In Meiner Sigantur seht ihr das ich genau dieses System habe und kann euch folgendes sagen: Die beste Möglichkeit da etwas leises und kühles zu bauen ist der Alpenföhn Panorama in Verbindung mit einem Netzteil welches die Luft nach außen bringt. Ihr müsst jedoch beim Panorama den Lüfter verkehrtherum einbauen das die Lüfter nicht gegeneinander arbeiten. Der Boxed zumindest bei AMD war völlig fatal. Damit kam meine CPU auf fast 80°C . Mit dem Panorama und einem Superflower ATX waren es unter Last max 55°C. Aktuell bin ich aus Platzgründen auf ein Be Quiet SFX Netzteil umgestiegen. Da dieses einen kleineren Lüfter hat kann weniger Luft transportiert werden, daraus resultierend sind die Temps um 5°C auf max 60°C gestiegen. Was aber nicht schlimm und völlig im Rahmen ist. Dafür kann ich jetzt noch andere schöne SSDs einbauen.  Ich hoffe das hilft euch ein wenig weiter. GRUß


----------



## Morote (14. Mai 2012)

*AW: [HTPC] CPU-Kühler für i3-2100T passiv in Mini-ITX*

Für alle, die es noch interessiert... Teile sind mittlerweile bestellt. Leider war das Mainboard defekt und wurde zurückgeschickt. Hoffe das geht schnell... Sobald ich ein funktionsfähiges zurück habe wird zusammengebaut und dann berichte ich über die Ergebnisse


----------



## Morote (21. Juni 2012)

*AW: [HTPC] CPU-Kühler für i3-2100T passiv in Mini-ITX*

Soooo, es ist soweit: Die Kiste läuft Hat ja auch lange genug gedauert...
Entgegen der ersten Pläne ist die CPU jetzt ein i3-2120T geworden (gleiche TPD, 100MHz mehr, war n paar Euro günstiger...). Kühler ist der Prolimatech Samuel 17 mit NB Blacksilent Pro PK-2. Die CPU-Zieltemp steht auf 50°C  und Level 1...
Als Netzteil kommt jetzt ne 150W Pico-PSU zum Einsatz, also passiv. 

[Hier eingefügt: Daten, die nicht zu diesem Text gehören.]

Lemma moment_orthonormal_basis : exists a : 'I_k -> R -> R,
  [/\ forall l, in_LQk mu Q k (a l),
      forall l m, (\int[mu]_x ((a l x * a m x)%:E) = (l == m)%:R%:E)%E,
      forall f, in_LQk mu Q k f ->
        exists c : 'I_k -> R, {ae mu, forall x, f x = \sum_(l < k) c l * a l x}
    & forall (l : 'I_k) (i : nat), (2 <= l.+1)%N -> (k <= i <= k + l.+1 - 2)%N ->
        (\int[mu]_x ((a l x * x ^+ i)%:E) = 0)%E].
Proof.
have [e [e_orth e_ann]] := orthonormal_flag LQk_gram_sym LQk_gram_pos moment_constraint.
pose E : 'M[R]_k := \matrix_(l < k) e l.
have E_unit : E \in unitmx.
  rewrite -row_free_unit; apply: (orthonormal_row_free (G := LQk_gram)) => l m.
  by rewrite /E !rowK e_orth.
exists (fun l => LQk_of_row (e l)); split.
- by move=> l; exact: LQk_of_row_in_LQk.
- by move=> l m; rewrite integral_LQk_of_row_mul e_orth.
- move=> f /in_LQk_LQk_of_row[u ->]; exists (fun l => (u *m invmx E) 0 l); apply: aeW => x.
  by rewrite -{1}(mulmxKV E_unit u) LQk_of_row_mulmx; under eq_bigr do rewrite rowK.
- move=> l i l_gt0 /andP[k_le_i i_le]; have -> : i = (k + (i - k))%N by lia.
  by rewrite integral_LQk_of_row_exprn e_ann //; lia.
Qed.

End OrthonormalBasis.
End Halves.

Lemma dim_LQk_full_iff_posdef (D : set (R * int)) : dyadic_grid D ->
  ((forall Q, D Q -> dim_LQk mu Q k k) <->
   (forall Q, D Q -> posdef (moment_mx mu (dyI Q) k))).
Proof.
move=> gD; split => [dim_full Q DQ | M_pos Q DQ].
- have [Q' [DQ' QE]] := dyadic_grid_parent gD DQ.
  have := dim_LQk_leq (dim_full Q' DQ') (dim_LQk_rank_capmx Q').
  rewrite !moment_mx_sym.
  set A := moment_mx mu (dyLeft Q') k; set B := moment_mx mu (dyRight Q') k => rk_cap.
  have := mxrankS (capmxSl A B); have := mxrankS (capmxSr A B).
  have := rank_leq_col A; have := rank_leq_col B => rkB rkA capB capA.
  have rkA_eq : \rank A = k by lia.
  have rkB_eq : \rank B = k by lia.
  case: QE => ->; apply: row_free_moment_posdef; apply/eqP.
  + exact: rkA_eq.
  + exact: rkB_eq.
- have [Q1 [Q2 [DQ1 DQ2 Q1E Q2E]]] := dyadic_grid_halves gD DQ.
  have L_free : row_free (moment_mx mu (dyLeft Q) k).
    by apply: posdef_row_free; rewrite -Q1E; exact: M_pos.
  have R_full : row_full (moment_mx mu (dyRight Q) k).
    by rewrite row_full_unit -row_free_unit posdef_row_free // -Q2E; exact: M_pos.
  by have := dim_LQk_rank_capmx Q; rewrite !moment_mx_sym capmxT // (eqP L_free).
Qed.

Und so sehen die Temps aus:
Idle: ca. 33°C
Load (Prime + Furmark): 48°C

Und jetzt das wichtigste: die Lautstärke... habe ich bisher nicht gefunden  Also im Idle nix zu hören unter Volllast ein leichtes Säuseln, aber das wird beim Arbeitseinsatz eh nicht in der Form eintreten. Das sollte also passen

Und jetzt kommt das ABER: Lüfter leise -> Festplatte laut Eine Dämmung muss also her. In meinem anderen Rechner hab ich nen Scythe Quiet Drive (2,5") verbaut und bin super zufrieden. Den würde ich gern noch mal verbauen. Aber irgendwie ist das Teil nicht mehr zu bekommen (zumindest finde ich nix). Wird der etwa nicht mehr hergestellt? Alternativ wäre vllt noch der Himuro Mini möglich, scheint mir aber vom Aufbau her weniger effektiv zu sein als das Quiet Drive. Habt ihr da Erfahrungen mit oder vllt nen anderen Vorschlag. Sollte auf jeden Fall ne Dämmbox, nicht nur ne Entkopplung sein. Man hört die Festplatte schon deutlich rauschen, Vibrationen treten kaum auf...

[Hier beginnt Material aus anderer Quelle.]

(* For $n\ge 5$, every two bases of $\Theta_n$ intersect, every two bases of $\Theta_n^\star$ intersect, and $f(\Theta_n)\le n-2$.
   Context: For $n\ge 1$, $\Theta_n$ is the matroid on ground set $X\cup Y$ with $X=\{x_1,\dots,x_n\}$, $Y=\{y_1,\dots,y_n\}$ disjoint, whose bases are the $n$-subsets $B\subseteq X\cup Y$ with $|B\cap X|\le 2$ and $B\neq(Y\setminus\{y_i\})\cup\{x_i\}$ for all $i$. For a matroid $M$, the distance between bases $B,B'$ is $|B\triangle B'|$; the Borsuk number $f(M)$ is the minimum number of parts in a partition of the set of bases in which each part has diameter strictly smaller than the diameter of the set of all bases ($f(M)=+\infty$ if $M$ has one basis). *)

From mathcomp Require Import all_boot all_order.
Set Implicit Arguments. Unset Strict Implicit. Unset Printing Implicit Defensive.

Section Matroids.
Variable T : finType.

Definition bdist (B B' : {set T}) : nat := #|(B :\: B') :|: (B' :\: B)|.

(* diameter of a family of sets (0 for the empty family) *)
Definition diam (F : {set {set T}}) : nat :=
  \max_(B in F) \max_(B' in F) bdist B B'.

Definition dual_bases (Bs : {set {set T}}) : {set {set T}} :=
  [set ~: B | B in Bs].

Definition pairwise_intersecting (Bs : {set {set T}}) : Prop :=
  forall B B', B \in Bs -> B' \in Bs -> B :&: B' != set0.

Definition borsuk_partition (Bs : {set {set T}}) (P : {set {set {set T}}}) : Prop :=
  partition P Bs /\ forall A, A \in P -> diam A < diam Bs.

(* f(M) <= k  (with f(M) = +oo meaning no such partition exists) *)
Definition borsuk_le (Bs : {set {set T}}) (k : nat) : Prop :=
  exists P, borsuk_partition Bs P /\ #|P| <= k.
End Matroids.

(* Ground set X ∪ Y encoded as 'I_n + 'I_n: x_i = inl i, y_i = inr i. *)
Definition thX n : {set 'I_n + 'I_n} := [set inl i | i : 'I_n].
Definition thY n : {set 'I_n + 'I_n} := [set inr i | i : 'I_n].

Definition theta_bases n : {set {set 'I_n + 'I_n}} :=
  [set B : {set 'I_n + 'I_n} |
     [&& #|B| == n, #|B :&: thX n| <= 2 &
         [forall i : 'I_n, B != inl i |: (thY n :\ inr i)]]].

From mathcomp Require Import all_boot all_order zify.
Set Implicit Arguments. Unset Strict Implicit. Unset Printing Implicit Defensive.

(* A basis B of Theta_n lies in (B :&: X) :|: Y with #|B :&: X| <= 2, so any two bases satisfy
   #|B :|: B'| + #|B :&: B' :&: X| <= #|B :&: X| + #|B' :&: X| + n.  For n >= 5 this rules out
   B :&: B' = set0 and B :|: B' = X :|: Y, and it bounds the distance 2 (n - #|B :&: B'|) by
   2 (#|B :&: X| + #|B' :&: X| - #|B :&: B' :&: X|) <= 8; the value 8 is attained by
   {x0, x1} :|: Y :\: {y0, y1} and {x2, x3} :|: Y :\: {y2, y3}.  Classify a basis by the least
   index of an element of X it contains, capped at n - 3: this gives n - 2 classes, and two bases
   of a class with two elements of X each share one, either the common least one or, by
   pigeonhole, one of x_(n-3), x_(n-2), x_(n-1).  So each class has diameter at most 6. *)

Section BigMinn.
Variables (I : eqType) (r : seq I) (P : pred I) (F : I -> nat) (m : nat).

Lemma bigminn_le_id : \big[minn/m]_(i <- r | P i) F i <= m.
Proof. by elim/big_rec: _ => // i x _; apply: leq_trans (geq_minr _ _). Qed.

Lemma bigminn_leq i : i \in r -> P i -> \big[minn/m]_(j <- r | P j) F j <= F i.
Proof.
elim: r => // j s IH; rewrite inE big_cons => /predU1P[-> -> | si Pi].
  exact: geq_minl.
by case: ifP => _; [apply: leq_trans (geq_minr _ _) _|]; exact: IH.
Qed.

Lemma bigminn_attained : \big[minn/m]_(i <- r | P i) F i < m ->
  exists2 i, P i & F i = \big[minn/m]_(j <- r | P j) F j.
Proof.
elim/big_rec: _ => [|i x Pi IH]; first by rewrite ltnn.
case: (leqP (F i) x) => [le_Fx|lt_xF] lt_m.
  by exists i => //; rewrite (minn_idPl le_Fx).
exact: IH.
Qed.
End BigMinn.

Lemma card_ord_geq n m : #|[set i : 'I_n | m <= i]| = n - m.
Proof.
rewrite cardsE cardE /enum_mem -enumT size_filter.
rewrite -(count_map val (fun k => m <= k)) val_enum_ord.
elim: n => // n IH; rewrite -addn1 iotaD count_cat IH /=; case: leqP; lia.
Qed.

Section Diameter.
Variable T : finType.
Implicit Types (A B : {set T}) (F : {set {set T}}).

Lemma bdistE A B : bdist A B = #|A :\: B| + #|B :\: A|.
Proof.
rewrite /bdist cardsU; suff -> : (A :\: B) :&: (B :\: A) = set0 by rewrite cards0 subn0.
by apply/setP => x; rewrite !inE; case: (x \in A); case: (x \in B).
Qed.

Lemma bdist_card k A B : #|A| = k -> #|B| = k -> bdist A B = (k - #|A :&: B|).*2.
Proof. by move=> cA cB; rewrite bdistE !cardsD setIC cA cB addnn. Qed.

Lemma bdist_le_diam F A B : A \in F -> B \in F -> bdist A B <= diam F.
Proof.
move=> FA FB; apply: leq_trans (leq_bigmax_cond _ FA); exact: leq_bigmax_cond.
Qed.

Lemma diam_le F k : {in F &, forall A B, bdist A B <= k} -> diam F <= k.
Proof.
move=> le_k; apply/bigmax_leqP => A FA; apply/bigmax_leqP => B FB; exact: le_k.
Qed.

Lemma card_preim_partition (I : finType) (f : T -> I) D :
  #|preim_partition f D| <= #|I|.
Proof.
apply: leq_trans (_ : #|[set [set y in D | c == f y] | c : I]| <= _).
  apply/subset_leq_card/subsetP => _ /imsetP[x Dx ->].
  by apply/imsetP; exists (f x).
exact: leq_imset_card.
Qed.
End Diameter.

Section Theta.
Variable n : nat.
Local Notation T := ('I_n + 'I_n)%type.
Local Notation Bs := (theta_bases n).
Implicit Types (A B : {set T}).

Lemma mem_thX (z : T) : (z \in thX n) = if z is inl _ then true else false.
Proof. by case: z => i; [exact: imset_f | apply/imsetP => -[]]. Qed.

Lemma mem_thY (z : T) : (z \in thY n) = if z is inr _ then true else false.
Proof. by case: z => i; [apply/imsetP => -[] | exact: imset_f]. Qed.

Lemma card_thY : #|thY n| = n.
Proof. by rewrite card_imset ?card_ord //; exact: inr_inj. Qed.

Lemma card_le_thX A : #|A| <= #|A :&: thX n| + n.
Proof.
rewrite -[X in _ + X]card_thY; apply: leq_trans (leq_card_setU _ _).1.
by apply/subset_leq_card/subsetP => -[] i Ai; rewrite !inE mem_thX mem_thY Ai.
Qed.

Lemma card_setU_le_thX A B :
  #|A :|: B| + #|A :&: B :&: thX n| <= #|A :&: thX n| + #|B :&: thX n| + n.
Proof.
have := card_le_thX (A :|: B); rewrite setIUl.
have := cardsUI (A :&: thX n) (B :&: thX n); rewrite setIACA setIid; lia.
Qed.

Lemma theta_bases_card B : B \in Bs -> #|B| = n /\ #|B :&: thX n| <= 2.
Proof. by rewrite inE => /and3P[/eqP -> -> _]. Qed.

Lemma theta_bdist B B' : B \in Bs -> B' \in Bs ->
  bdist B B' + (#|B :&: B' :&: thX n|).*2 <= (#|B :&: thX n| + #|B' :&: thX n|).*2.
Proof.
case/theta_bases_card => cB _ /theta_bases_card[cB' _].
have := card_setU_le_thX B B'; have := cardsUI B B'.
have := subset_leq_card (subsetIl B B').
rewrite (bdist_card cB cB') cB cB'; lia.
Qed.

Hypothesis n_ge5 : 5 <= n.

Lemma theta_bases_intersect : pairwise_intersecting Bs.
Proof.
move=> B B' /theta_bases_card[cB XB] /theta_bases_card[cB' XB'].
have := card_setU_le_thX B B'; have := cardsUI B B'.
rewrite -card_gt0 cB cB'; lia.
Qed.

Lemma theta_dual_bases_intersect : pairwise_intersecting (dual_bases Bs).
Proof.
move=> _ _ /imsetP[B BsB ->] /imsetP[B' BsB' ->].
rewrite -setCU -card_gt0 cardsCs setCK.
have := card_setU_le_thX B B'.
case/theta_bases_card: BsB => _ XB; case/theta_bases_card: BsB' => _ XB'.
rewrite card_sum card_ord; lia.
Qed.

Definition two_X_base (a b : 'I_n) : {set T} :=
  inl a |: (inl b |: (thY n :\ inr a :\ inr b)).

Lemma two_X_base_thX a b : two_X_base a b :&: thX n = [set inl a; inl b].
Proof. by apply/setP => -[] i; rewrite !inE mem_thX mem_thY ?andbF ?andbT ?orbF. Qed.

Lemma card_two_X_base a b : a != b -> #|two_X_base a b| = n.
Proof.
move=> ab; rewrite !cardsU1 !inE !mem_thY /= (inj_eq inl_inj) orbF ab.
rewrite -[in RHS]card_thY (cardsD1 (inr a) (thY n)) (cardsD1 (inr b) (thY n :\ inr a)).
by rewrite !inE !mem_thY (inj_eq inr_inj) [b == a]eq_sym ab.
Qed.

Lemma special_thX i : (inl i |: (thY n :\ inr i)) :&: thX n = [set inl i].
Proof. by apply/setP => -[] j; rewrite !inE mem_thX mem_thY ?andbF ?andbT ?orbF. Qed.

Lemma two_X_base_theta a b : a != b -> two_X_base a b \in Bs.
Proof.
move=> ab; rewrite inE card_two_X_base // eqxx two_X_base_thX cards2.
rewrite (inj_eq inl_inj) ab /=; apply/forallP => i; apply/eqP => eq_ab.
have := congr1 (fun B => #|B :&: thX n|) eq_ab.
by rewrite /= two_X_base_thX special_thX cards1 cards2 (inj_eq inl_inj) ab.
Qed.

Lemma card_two_X_base_setD a b c d : uniq [:: a; b; c; d] ->
  4 <= #|two_X_base a b :\: two_X_base c d|.
Proof.
rewrite /= !inE !negb_or => /and4P[/and3P[ab ac ad] /andP[bc bd] cd _].
have uniq_s : uniq [:: inl a; inl b; inr c; inr d].
  by rewrite /= !inE (inj_eq inl_inj) (inj_eq inr_inj) (negbTE ab) cd.
apply: leq_trans (eq_leq (esym (card_uniqP uniq_s))) _.
apply/subset_leq_card/subsetP => z.
rewrite !inE !mem_thY => /or4P[] /eqP-> /=.
all: rewrite ?(inj_eq inl_inj) ?(inj_eq inr_inj) ?eqxx ?orbT ?andbT /=.
all: by rewrite ?[c == _]eq_sym ?[d == _]eq_sym ?negb_or ?ab ?ac ?ad ?bc ?bd ?cd.
Qed.

Lemma theta_diam_ge8 : 8 <= diam Bs.
Proof.
have lt_n k : k < 4 -> k < n by move=> ?; lia.
pose o k (lt_k4 : k < 4) := Ordinal (lt_n k lt_k4).
pose B := two_X_base (o 0 isT) (o 1 isT); pose B' := two_X_base (o 2 isT) (o 3 isT).
have BsB : B \in Bs by exact: two_X_base_theta.
have BsB' : B' \in Bs by exact: two_X_base_theta.
apply: leq_trans (bdist_le_diam BsB BsB').
by rewrite bdistE -[8]/(4 + 4) leq_add // card_two_X_base_setD.
Qed.

Definition first_X B : nat := \big[minn/(n - 3)]_(i | inl i \in B) val i.

Lemma first_X_lt B : first_X B < n - 2.
Proof. by apply: leq_ltn_trans (bigminn_le_id _ _ _ _) _; lia. Qed.

Definition x_class B : 'I_(n - 2) := Ordinal (first_X_lt B).

Lemma first_X_meet B B' : first_X B = first_X B' ->
  #|B :&: thX n| = 2 -> #|B' :&: thX n| = 2 -> 0 < #|B :&: B' :&: thX n|.
Proof.
move=> eq_fX cB cB'; case: (ltnP (first_X B) (n - 3)) => [small | large].
  have [i Bi fXi] := bigminn_attained small.
  rewrite eq_fX in small; have [i' B'i' fXi'] := bigminn_attained small.
  have eq_i : i' = i by apply: val_inj; rewrite /= fXi fXi'.
  rewrite {}eq_i in B'i'.
  by apply/card_gt0P; exists (inl i); rewrite !inE Bi B'i' mem_thX.
have X_large C : n - 3 <= first_X C -> C :&: thX n \subset inl @: [set i : 'I_n | n - 3 <= i].
  move=> le_fX; apply/subsetP => -[i|i]; rewrite !inE mem_thX ?andbF ?andbT // => Ci.
  apply: imset_f; rewrite inE; apply: leq_trans le_fX _.
  exact: (bigminn_leq val (n - 3) (mem_index_enum i) Ci).
have := cardsUI (B :&: thX n) (B' :&: thX n); rewrite setIACA setIid cB cB'.
have : #|(B :&: thX n) :|: (B' :&: thX n)| <= 3.
  apply: leq_trans (subset_leq_card (setUSS (X_large _ large) (X_large B' _))) _.
    by rewrite -eq_fX.
  by rewrite setUid; apply: leq_trans (leq_imset_card _ _) _; rewrite card_ord_geq; lia.
lia.
Qed.

Lemma x_class_bdist B B' : B \in Bs -> B' \in Bs -> x_class B = x_class B' ->
  bdist B B' <= 6.
Proof.
move=> BsB BsB' /(congr1 val) /= eq_fX; have := theta_bdist BsB BsB'.
case/theta_bases_card: BsB => _ XB; case/theta_bases_card: BsB' => _ XB'.
have [/andP[/eqP cB /eqP cB']|] := boolP ((#|B :&: thX n| == 2) && (#|B' :&: thX n| == 2)).
  by have := first_X_meet eq_fX cB cB'; lia.
rewrite negb_and => /orP[] /eqP; lia.
Qed.
End Theta.

Theorem proposition6p1 (n : nat) (hn : 5 <= n) :
  pairwise_intersecting (theta_bases n) /\
  pairwise_intersecting (dual_bases (theta_bases n)) /\
  borsuk_le (theta_bases n) (n - 2).
Proof.
split; first exact: theta_bases_intersect.
split; first exact: theta_dual_bases_intersect.
exists (preim_partition (x_class hn) (theta_bases n)); split; last first.
  by apply: leq_trans (card_preim_partition _ _) _; rewrite card_ord.
split; first exact: preim_partitionP.
move=> _ /imsetP[B _ ->].
apply: (@leq_ltn_trans 6); last exact: leq_trans _ (theta_diam_ge8 hn).
apply: diam_le => C C' /setIdP[BsC /eqP eBC] /setIdP[BsC' /eqP eBC'].
by apply: x_class_bdist; rewrite -?eBC.
Qed.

Danke schon mal für eure Tipps


----------



## Fischer995 (21. Juni 2012)

*AW: [HTPC] CPU-Kühler für i3-2100T passiv in Mini-ITX*

Caseking.de » Silent PC » HDD-Entkoppler » Silentmaxx HD-Dämmung Rev. 2.0 Sollte für deine zwecke von nutzen sein.


----------



## Morote (21. Juni 2012)

*AW: [HTPC] CPU-Kühler für i3-2100T passiv in Mini-ITX*



Fischer995 schrieb:


> Caseking.de » Silent PC » HDD-Entkoppler » Silentmaxx HD-Dämmung Rev. 2.0 Sollte für deine zwecke von nutzen sein.



Danke für den Hinweis  Hast du mit dem Teil Erfahrungen gemacht? Wäre mir schon wichtig, dass die Dämmwirkung so gut ist wie beim Quiet Drive.


Edit: Ich seh grade, das Teil ist für 3,5" Festplatten. Ich habe aber ne 2,5er, ist daher wohl leider zu groß


----------



## Fischer995 (21. Juni 2012)

Da kannste bestimmt irgendwie deine platte reinzimmern. Is ja laut käuferaussagen volle dämmung ohne geräusche.


----------



## Late (22. Juni 2012)

*AW: [HTPC] CPU-Kühler für i3-2100T passiv in Mini-ITX*

Oder einfach eine günstige SSD als Hauptplatte, dass die andere nicht so oft anläuft?


----------



## Morote (22. Juni 2012)

*AW: [HTPC] CPU-Kühler für i3-2100T passiv in Mini-ITX*

Das ist auf jeden Fall auch noch geplant, aber erst mal muss das Geld dafür her. Habe in der letzten Zeit schon viel zu viel Geld für den PC ausgegeben Denke mal die SSD kommt erst, wenn das System neu aufgesetzt wird. Also zum Release von Windows8 (bekomme ich kostenlos über die Uni). Aber die HDD soll natürlich auch leise sein, wenn sie läuft...

Ich schau mir die vorgeschlagene Box mal genauer an. Hat jemand Erfahrungen mit dem Himuro Mini? Der würde mich auch mal noch interessieren.

Edit: Inzwischen ist ein Himuro mini verbaut. Deutich leiser, aber leider nicht lautlos. Die Variante mit 3,5"-Platten-Dämmkiste war mir einfach zu umständlich ehrlich gesagt. Naja, denke mal, die HDD wird im Laufe des Jahres gegen eine ausreichend große SSD getauscht. Mit den restlichen Sachen bin ich zufrieden.

Vielleicht mal noch testen wie es ohne Lüfter mit den Temps ausschaut. Klar, wird nicht für Last reichen, aber die Idle-Temp würde mich mal interessieren...


----------